--- Dataset extract Enclosed Below ---

(* Let $f\in\mathcal{F}(\mathbb{L})$ and let $g:\mathbb{R}_{\ge0}\to\mathbb{R}$ satisfy: (1) $g$ is $1$-periodic; (2) $g(0)\neq0$; (3) the even extension of $g$ to $\mathbb{R}$ has a $1$-periodic Fourier series $S_N(\xi)=\sum_{k=0}^N a_k\cos(2\pi k\xi)$ with all coefficients $a_k\ge0$; (4) $S_N(\xi)\to g(\xi)$ as $N\to\infty$ for every $\xi$. Then $|g|\,f\in\mathcal{F}(\mathbb{L})$.
   Context: $\mathbb{L}=\{x\in\mathbb{R}\setminus\mathbb{Q}:\ \forall n\in\mathbb{N}\ \exists q\in\mathbb{N}\text{ with }\|qx\|<q^{-n}\}$ is the set of Liouville numbers, where $\|x\|=\min_{m\in\mathbb{Z}}|x-m|$. For a finite Borel measure $\mu$ on $\mathbb{R}$, $\hat\mu(\xi)=\int e^{-2\pi i x\xi}\,d\mu(x)$. For a Borel set $E\subset\mathbb{R}$, $\mathcal{P}(E)$ denotes the Borel probability measures $\mu$ on $\mathbb{R}$ with $\mu(\mathbb{R}\setminus E)=0$. For a function $f$ with values in $\mathbb{R}_{\ge0}$ defined at least on $[M_0,\infty)$ for some $M_0$, we write $f\in\mathcal{F}(E)$ if there exist $\mu\in\mathcal{P}(E)$ and constants $c,M>0$ such that $|\hat\mu(\xi)|\le c\,f(|\xi|)$ for all $\xi\in\mathbb{R}$ with $|\xi|\ge M$. *)

From HB Require Import structures.
From mathcomp Require Import all_boot all_order all_algebra.
From mathcomp Require Import all_classical all_reals all_analysis.
Set Implicit Arguments. Unset Strict Implicit. Unset Printing Implicit Defensive.
Import Order.TTheory GRing.Theory Num.Theory.
Local Open Scope classical_set_scope.
Local Open Scope ring_scope.

Definition dist_Z (R : realType) (x : R) : R :=
  inf [set `|x - m%:~R| | m in [set: int]].

Definition Liouville (R : realType) : set R :=
  [set x : R | (~ exists r : rat, x = ratr r) /\
     forall n : nat, exists q : nat, (0 < q)%N /\
       dist_Z (q%:R * x) < (q%:R ^+ n)^-1].

(* Fourier transform \hat mu(xi) = \int e^{-2 pi i x xi} d mu(x), given by its
   real and imaginary parts; fourier_abs mu xi = |\hat mu(xi)|. *)
Definition fourier_re (R : realType) (mu : probability R R) (xi : R) : R :=
  Rintegral mu setT (fun x => cos (2 * pi * x * xi)).
Definition fourier_im (R : realType) (mu : probability R R) (xi : R) : R :=
  - Rintegral mu setT (fun x => sin (2 * pi * x * xi)).
Definition fourier_abs (R : realType) (mu : probability R R) (xi : R) : R :=
  Num.sqrt (fourier_re mu xi ^+ 2 + fourier_im mu xi ^+ 2).

Definition supported_on (R : realType) (mu : probability R R) (E : set R) : Prop :=
  mu (~` E) = 0%E.

Definition in_F (R : realType) (E : set R) (f : R -> R) : Prop :=
  exists (mu : probability R R) (c M : R),
    supported_on mu E /\ 0 < c /\ 0 < M /\
    forall xi : R, M <= `|xi| -> fourier_abs mu xi <= c * f `|xi|.

(* Fourier cosine coefficients of the even extension G(x) = g(|x|) of g,
   computed over the period [-1/2, 1/2]:
   a_0 = \int G, a_k = 2 \int G(x) cos(2 pi k x) dx (k >= 1). *)
Definition even_ext (R : realType) (g : R -> R) : R -> R := fun x => g `|x|.

Definition cos_coef (R : realType) (g : R -> R) (k : nat) : R :=
  (if k == 0%N then 1 else 2) *
  Rintegral (@lebesgue_measure R) `[(- 2^-1), 2^-1]
     (fun x => even_ext g x * cos (2 * pi * k%:R * x)).

Definition cos_partial_sum (R : realType) (g : R -> R) (N : nat) (xi : R) : R :=
  \sum_(0 <= k < N.+1) cos_coef g k * cos (2 * pi * k%:R * xi).

From HB Require Import structures.
From mathcomp Require Import all_boot all_order all_algebra.
From mathcomp Require Import all_classical all_reals all_analysis.
From mathcomp Require Import measurable_realfun ring lra.
Set Implicit Arguments.
Unset Strict Implicit.
Unset Printing Implicit Defensive.
Import Order.TTheory GRing.Theory Num.Theory.
Import numFieldNormedType.Exports.
Local Open Scope classical_set_scope.
Local Open Scope ring_scope.

(* The cosine coefficients a_k of g are nonnegative
   and add up to g(0) > 0, so nu = sum_k a_k / (2 g(0)) (mu(. - k) + mu(. + k))
   is a probability measure.  Liouville numbers are invariant under integer
   translations, so nu is still carried by L; translating by +k and -k multiplies
   \hat mu(xi) by e^(-2 pi i k xi) and e^(2 pi i k xi), hence
   \hat nu(xi) = \hat mu(xi) sum_k a_k cos(2 pi k xi) / g(0)
               = \hat mu(xi) g(|xi|) / g(0). *)

Definition translation (R : realType) (c : R) : R -> R := fun x => x + c.

Lemma measurable_translation (R : realType) (c : R) :
  measurable_fun setT (translation c).
Proof. exact: measurable_funD. Qed.

HB.instance Definition _ (R : realType) (c : R) :=
  isMeasurableFun.Build _ _ _ _ (translation c) (measurable_translation c).

Lemma dist_Z_addz (R : realType) (x : R) (n : int) :
  dist_Z (x + n%:~R) = dist_Z x.
Proof.
rewrite /dist_Z; congr inf; apply/seteqP; split => _ [m _ <-].
- by exists (m - n) => //; rewrite intrB; congr `|_|; lra.
- by exists (m + n) => //; rewrite intrD; congr `|_|; lra.
Qed.

Lemma Liouville_addz (R : realType) (x : R) (n : int) :
  Liouville x -> Liouville (x + n%:~R).
Proof.
move=> [x_irr x_approx]; split.
  move=> [r xnr]; apply: x_irr; exists (r - n%:~R).
  by rewrite rmorphB /= rmorph_int -xnr addrK.
move=> k; have [q [q_gt0 qx_close]] := x_approx k; exists q; split => //.
have -> : q%:R * (x + n%:~R) = q%:R * x + (q%:Z * n)%:~R :> R.
  by rewrite intrM mulrDr.
by rewrite dist_Z_addz.
Qed.

Lemma preimage_translation_Liouville (R : realType) (n : int) :
  translation n%:~R @^-1` (@Liouville R) = @Liouville R.
Proof.
apply/seteqP; split => x /= xL; last exact: Liouville_addz.
by have := Liouville_addz (- n) xL; rewrite intrN addrK.
Qed.

Lemma eseries_EFin (R : realType) (u : nat -> R) (l : R) :
  (fun N => \sum_(0 <= k < N) u k) @ \oo --> l ->
  (\sum_(k <oo) (u k)%:E = l%:E)%E.
Proof.
move=> u_cvg; under eq_fun do rewrite sumEFin.
by rewrite -(cvg_lim _ u_cvg) // -EFin_lim //; apply/cvg_ex; exists l.
Qed.

Section bounded_integral.
Context d (T : measurableType d) (R : realType) (P : probability T R).

Lemma integrable_le1 (h : T -> R) : measurable_fun setT h ->
  (forall x, `|h x| <= 1) -> P.-integrable setT (EFin \o h).
Proof.
move=> mh h_le1; apply: measurable_bounded_integrable => //.
  by rewrite (le_lt_trans (probability_le1 _ _)) ?ltry.
by exists 1; split => // M M_gt1 x _; exact: le_trans (h_le1 x) (ltW M_gt1).
Qed.

Lemma integral_add1 (h : T -> R) : measurable_fun setT h ->
  (forall x, `|h x| <= 1) ->
  (\int[P]_x (h x + 1)%:E = (Rintegral P setT h + 1)%:E)%E.
Proof.
move=> mh h_le1; have one_le1 (x : T) : `|(fun=> 1 : R) x| <= 1 by rewrite normr1.
rewrite integralD_EFin //; [|exact: integrable_le1|exact: integrable_le1 one_le1].
rewrite integral_cst // [X in (1 * X)%E]probability_setT mul1e.
rewrite EFinD /Rintegral fineK //.
exact/integrable_fin_num/integrable_le1.
Qed.

End bounded_integral.

Lemma cos_addsub (R : realType) (A B : R) :
  cos (A + B) + cos (A - B) = 2 * cos B * cos A.
Proof. by rewrite cosD cosB; ring. Qed.

Lemma sin_addsub (R : realType) (A B : R) :
  sin (A + B) + sin (A - B) = 2 * cos B * sin A.
Proof. by rewrite sinD sinB; ring. Qed.

Lemma Rintegral_shift_pair (R : realType) (P : probability R R) (T : R -> R)
    (xi v : R) :
  measurable_fun setT T -> (forall x, `|T x| <= 1) ->
  (forall A B, T (A + B) + T (A - B) = 2 * cos B * T A) ->
  Rintegral P setT (fun x => T (2 * pi * (x + v) * xi)) +
  Rintegral P setT (fun x => T (2 * pi * (x - v) * xi)) =
  2 * cos (2 * pi * v * xi) * Rintegral P setT (fun x => T (2 * pi * x * xi)).
Proof.
move=> mT T_le1 T_addsub.
have mTs (c : R) : measurable_fun setT (fun x : R => T (2 * pi * (x + c) * xi)).
  apply: measurableT_comp => //; apply: measurable_funM => //.
  by apply: measurable_funM => //; exact: measurable_translation.
have mT0 : measurable_fun setT (fun x : R => T (2 * pi * x * xi)).
  by apply: measurableT_comp => //; do 2 apply: measurable_funM => //.
rewrite -RintegralD //; [|exact: integrable_le1|exact: integrable_le1].
rewrite -RintegralZl //; last exact: integrable_le1.
by apply: eq_Rintegral => x _; rewrite -T_addsub; congr (T _ + T _); ring.
Qed.

Section shift_mixture.
Context (R : realType) (mu : probability R R) (w : nat -> {nonneg R}).
Hypothesis w_sum :
  (fun N => \sum_(0 <= k < N) 2 * (w k)%:num) @ \oo --> (1 : R).

Definition shift_pair (k : nat) : {measure set R -> \bar R} :=
  measure_add (distribution mu (translation k%:R))
              (distribution mu (translation (- k%:R))).

Let weighted_pair k : {measure set R -> \bar R} := mscale (w k) (shift_pair k).

(* The dummy [let] makes [shift_mixture] depend on [w_sum], so that its
   probability instance survives the end of the section. *)
Definition shift_mixture : set R -> \bar R :=
  let _ := w_sum in mseries weighted_pair 0.

HB.instance Definition _ := Measure.copy shift_mixture (mseries weighted_pair 0).

Lemma ge0_integral_shift_mixture (F : R -> \bar R) :
  measurable_fun setT F -> (forall x, 0 <= F x)%E ->
  (\int[shift_mixture]_x F x = \sum_(k <oo) ((w k)%:num%:E *
      (\int[mu]_x F (x + k%:R)%R + \int[mu]_x F (x - k%:R)%R)))%E.
Proof.
move=> mF F_ge0; rewrite ge0_integral_measure_series //.
apply: eq_eseriesr => k _.
rewrite ge0_integral_mscale //= ge0_integral_measure_add //.
by rewrite !ge0_integral_distribution.
Qed.

Lemma shift_mixture_setT : shift_mixture setT = 1%E.
Proof.
have := ge0_integral_shift_mixture (measurable_cst 1%E) (fun _ => lee01).
rewrite integral_cst // mul1e => ->.
under eq_eseriesr => k _ do
  rewrite integral_cst //= probability_setT mul1e -EFinD -EFinM.
apply: eseries_EFin; under eq_fun do under eq_bigr do rewrite mulrC.
exact: w_sum.
Qed.

HB.instance Definition _ :=
  Measure_isProbability.Build _ _ _ shift_mixture shift_mixture_setT.

Lemma Rintegral_shift_mixture (h : R -> R) (L : R) :
  measurable_fun setT h -> (forall x, `|h x| <= 1) ->
  (fun N => \sum_(0 <= k < N) (w k)%:num *
     (Rintegral mu setT (fun x => h (x + k%:R)) +
      Rintegral mu setT (fun x => h (x - k%:R)))) @ \oo --> L ->
  Rintegral shift_mixture setT h = L.
Proof.
move=> mh h_le1 L_cvg.
have mh_shift (c : R) : measurable_fun setT (fun x : R => h (x + c)).
  exact: measurableT_comp mh (measurable_translation c).
have h1_ge0 x : (0 <= (h x + 1)%:E)%E.
  by rewrite lee_fin; have := h_le1 x; rewrite ler_norml => /andP[? _]; lra.
apply: (@addIr _ 1); apply: EFin_inj; rewrite -integral_add1 //.
rewrite ge0_integral_shift_mixture //; last first.
  by apply/measurable_EFinP; exact: measurable_funD.
under eq_eseriesr => k _ do rewrite (integral_add1 _ (mh_shift _)) //
  (integral_add1 _ (mh_shift _)) // -EFinD -EFinM.
apply: eseries_EFin; apply: cvg_trans (cvgD L_cvg w_sum).
apply: near_eq_cvg; apply: nearW => N; rewrite fctE -big_split.
by apply: eq_bigr => k _; rewrite /=; ring.
Qed.

Lemma shift_mixture_supported (E : set R) :
  (forall n : int, translation n%:~R @^-1` E = E) ->
  supported_on mu E -> supported_on shift_mixture E.
Proof.
move=> E_inv muE; have E_invC (n : int) : translation n%:~R @^-1` (~` E) = ~` E.
  by rewrite -preimage_setC E_inv.
apply: eseries0 => k _ _; rewrite /= /mscale /= /msum !big_ord_recl big_ord0 /=.
rewrite /distribution /pushforward pmulrn -intrN !E_invC muE.
by rewrite !adde0 mule0.
Qed.

Lemma Rintegral_trig_shift_mixture (T : R -> R) (xi L : R) :
  measurable_fun setT T -> (forall x, `|T x| <= 1) ->
  (forall A B, T (A + B) + T (A - B) = 2 * cos B * T A) ->
  (fun N => \sum_(0 <= k < N) 2 * (w k)%:num * cos (2 * pi * k%:R * xi))
    @ \oo --> L ->
  Rintegral shift_mixture setT (fun x => T (2 * pi * x * xi)) =
  Rintegral mu setT (fun x => T (2 * pi * x * xi)) * L.
Proof.
move=> mT T_le1 T_addsub L_cvg; apply: Rintegral_shift_mixture => //.
  by apply: measurableT_comp => //; do 2 apply: measurable_funM => //.
apply: cvg_trans (cvgM (cvg_cst _) L_cvg).
apply: near_eq_cvg; apply: nearW => N; rewrite /= big_distrr /=.
by apply: eq_bigr => k _; rewrite Rintegral_shift_pair //; ring.
Qed.

Lemma fourier_abs_shift_mixture (xi L : R) :
  (fun N => \sum_(0 <= k < N) 2 * (w k)%:num * cos (2 * pi * k%:R * xi))
    @ \oo --> L ->
  fourier_abs shift_mixture xi = `|L| * fourier_abs mu xi.
Proof.
move=> L_cvg; rewrite /fourier_abs /fourier_re /fourier_im.
have mcos := continuous_measurable_fun (@continuous_cos R).
have msin := continuous_measurable_fun (@continuous_sin R).
rewrite (Rintegral_trig_shift_mixture mcos (@cos_max R) (@cos_addsub R) L_cvg).
rewrite (Rintegral_trig_shift_mixture msin (@sin_max R) (@sin_addsub R) L_cvg).
set c := Rintegral mu _ _; set s := Rintegral mu _ _.
have -> : (c * L) ^+ 2 + (- (s * L)) ^+ 2 = L ^+ 2 * (c ^+ 2 + (- s) ^+ 2) by ring.
by rewrite sqrtrM ?sqr_ge0 // sqrtr_sqr.
Qed.

End shift_mixture.

Section cosine_weights.
Context (R : realType) (g : R -> R).
Hypotheses (coef_ge0 : forall k : nat, 0 <= cos_coef g k) (g0_neq0 : g 0 != 0).
Hypothesis S_cvg : forall xi : R, 0 <= xi ->
  (fun N : nat => cos_partial_sum g N xi) @ \oo --> g xi.

Lemma cos_series_cvg (xi : R) :
  (fun N => \sum_(0 <= k < N) cos_coef g k * cos (2 * pi * k%:R * xi))
    @ \oo --> g `|xi|.
Proof.
have cos_norm (k : nat) : cos (2 * pi * k%:R * xi) = cos (2 * pi * k%:R * `|xi|).
  by case: (lerP 0 xi) => [/ger0_norm|/ltW/ler0_norm] ->; rewrite ?mulrN ?cosN.
rewrite -cvg_shiftS; apply: cvg_trans (S_cvg (normr_ge0 xi)).
by apply: near_eq_cvg; apply: nearW => N; apply: eq_bigr => k _; rewrite cos_norm.
Qed.

Lemma g0_gt0 : 0 < g 0.
Proof.
have coef_sum_cvg := cos_series_cvg (xi := 0); rewrite normr0 in coef_sum_cvg.
rewrite lt_neqAle eq_sym g0_neq0 -(cvg_lim _ coef_sum_cvg) //.
apply: limr_ge; first by apply/cvg_ex; exists (g 0).
by near=> N; apply: sumr_ge0 => k _; rewrite mulr0 cos0 mulr1.
Unshelve. all: by end_near.
Qed.

Lemma cos_weight_ge0 (k : nat) : 0 <= cos_coef g k / (2 * g 0).
Proof. by rewrite divr_ge0 // mulr_ge0 // ltW // g0_gt0. Qed.

Definition cos_weight (k : nat) : {nonneg R} := NngNum (cos_weight_ge0 k).

Lemma cos_weight_series (xi : R) :
  (fun N => \sum_(0 <= k < N) 2 * (cos_weight k)%:num * cos (2 * pi * k%:R * xi))
    @ \oo --> g `|xi| / g 0.
Proof.
apply: cvg_trans (cvgM (cos_series_cvg (xi := xi)) (cvg_cst (g 0)^-1)).
apply: near_eq_cvg; apply: nearW => N; rewrite /= big_distrl /=.
by apply: eq_bigr => k _; field.
Qed.

Lemma cos_weight_sum :
  (fun N => \sum_(0 <= k < N) 2 * (cos_weight k)%:num) @ \oo --> (1 : R).
Proof.
have := cos_weight_series (xi := 0); rewrite normr0 divff // => weight_cvg.
apply: cvg_trans weight_cvg.
apply: near_eq_cvg; apply: nearW => N.
by apply: eq_bigr => k _; rewrite mulr0 cos0 mulr1.
Qed.

End cosine_weights.

Theorem theorem1p6 (R : realType) (f g : R -> R) (M0 : R)
  (f_nonneg : forall x : R, M0 <= x -> 0 <= f x)
  (hf : in_F (@Liouville R) f)
  (g_per : forall x : R, 0 <= x -> g (x + 1) = g x)
  (g0 : g 0 != 0)
  (G_int : (@lebesgue_measure R).-integrable `[(- 2^-1), 2^-1] (fun x => (even_ext g x)%:E))
  (coef_nonneg : forall k : nat, 0 <= cos_coef g k)
  (S_cvg : forall xi : R, 0 <= xi -> (fun N : nat => cos_partial_sum g N xi) @ \oo --> g xi) :
  in_F (@Liouville R) (fun x => `|g x| * f x).
Proof.
have [mu [c [M [mu_L [c_gt0 [M_gt0 mu_bound]]]]]] := hf.
have g0_pos := g0_gt0 coef_nonneg g0 S_cvg.
have w_sum := cos_weight_sum coef_nonneg g0 S_cvg.
exists (shift_mixture mu w_sum), (c / g 0), M.
split.
  exact: (shift_mixture_supported w_sum (@preimage_translation_Liouville R) mu_L).
split; first by rewrite divr_gt0.
split=> // xi M_le_xi.
have := cos_weight_series coef_nonneg g0 S_cvg (xi := xi).
move=> /(fourier_abs_shift_mixture mu w_sum) ->.
have -> : c / g 0 * (`|g `|xi| | * f `|xi|) = `|g `|xi| | / g 0 * (c * f `|xi|).
  by ring.
rewrite normrM [`|_^-1|]gtr0_norm ?invr_gt0 //.
by apply: ler_wpM2l (mu_bound xi M_le_xi); rewrite divr_ge0 // ltW.
Qed.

--- End of Enclosed Dataset extract ---

** What you will do **
Exactly the lines from the start of the entries through the one bearing "Definition Liouville (R" are to be output, with both ends included.

** Answer to this exercise **
(* Let $f\in\mathcal{F}(\mathbb{L})$ and let $g:\mathbb{R}_{\ge0}\to\mathbb{R}$ satisfy: (1) $g$ is $1$-periodic; (2) $g(0)\neq0$; (3) the even extension of $g$ to $\mathbb{R}$ has a $1$-periodic Fourier series $S_N(\xi)=\sum_{k=0}^N a_k\cos(2\pi k\xi)$ with all coefficients $a_k\ge0$; (4) $S_N(\xi)\to g(\xi)$ as $N\to\infty$ for every $\xi$. Then $|g|\,f\in\mathcal{F}(\mathbb{L})$.
   Context: $\mathbb{L}=\{x\in\mathbb{R}\setminus\mathbb{Q}:\ \forall n\in\mathbb{N}\ \exists q\in\mathbb{N}\text{ with }\|qx\|<q^{-n}\}$ is the set of Liouville numbers, where $\|x\|=\min_{m\in\mathbb{Z}}|x-m|$. For a finite Borel measure $\mu$ on $\mathbb{R}$, $\hat\mu(\xi)=\int e^{-2\pi i x\xi}\,d\mu(x)$. For a Borel set $E\subset\mathbb{R}$, $\mathcal{P}(E)$ denotes the Borel probability measures $\mu$ on $\mathbb{R}$ with $\mu(\mathbb{R}\setminus E)=0$. For a function $f$ with values in $\mathbb{R}_{\ge0}$ defined at least on $[M_0,\infty)$ for some $M_0$, we write $f\in\mathcal{F}(E)$ if there exist $\mu\in\mathcal{P}(E)$ and constants $c,M>0$ such that $|\hat\mu(\xi)|\le c\,f(|\xi|)$ for all $\xi\in\mathbb{R}$ with $|\xi|\ge M$. *)

From HB Require Import structures.
From mathcomp Require Import all_boot all_order all_algebra.
From mathcomp Require Import all_classical all_reals all_analysis.
Set Implicit Arguments. Unset Strict Implicit. Unset Printing Implicit Defensive.
Import Order.TTheory GRing.Theory Num.Theory.
Local Open Scope classical_set_scope.
Local Open Scope ring_scope.

Definition dist_Z (R : realType) (x : R) : R :=
  inf [set `|x - m%:~R| | m in [set: int]].

Definition Liouville (R : realType) : set R :=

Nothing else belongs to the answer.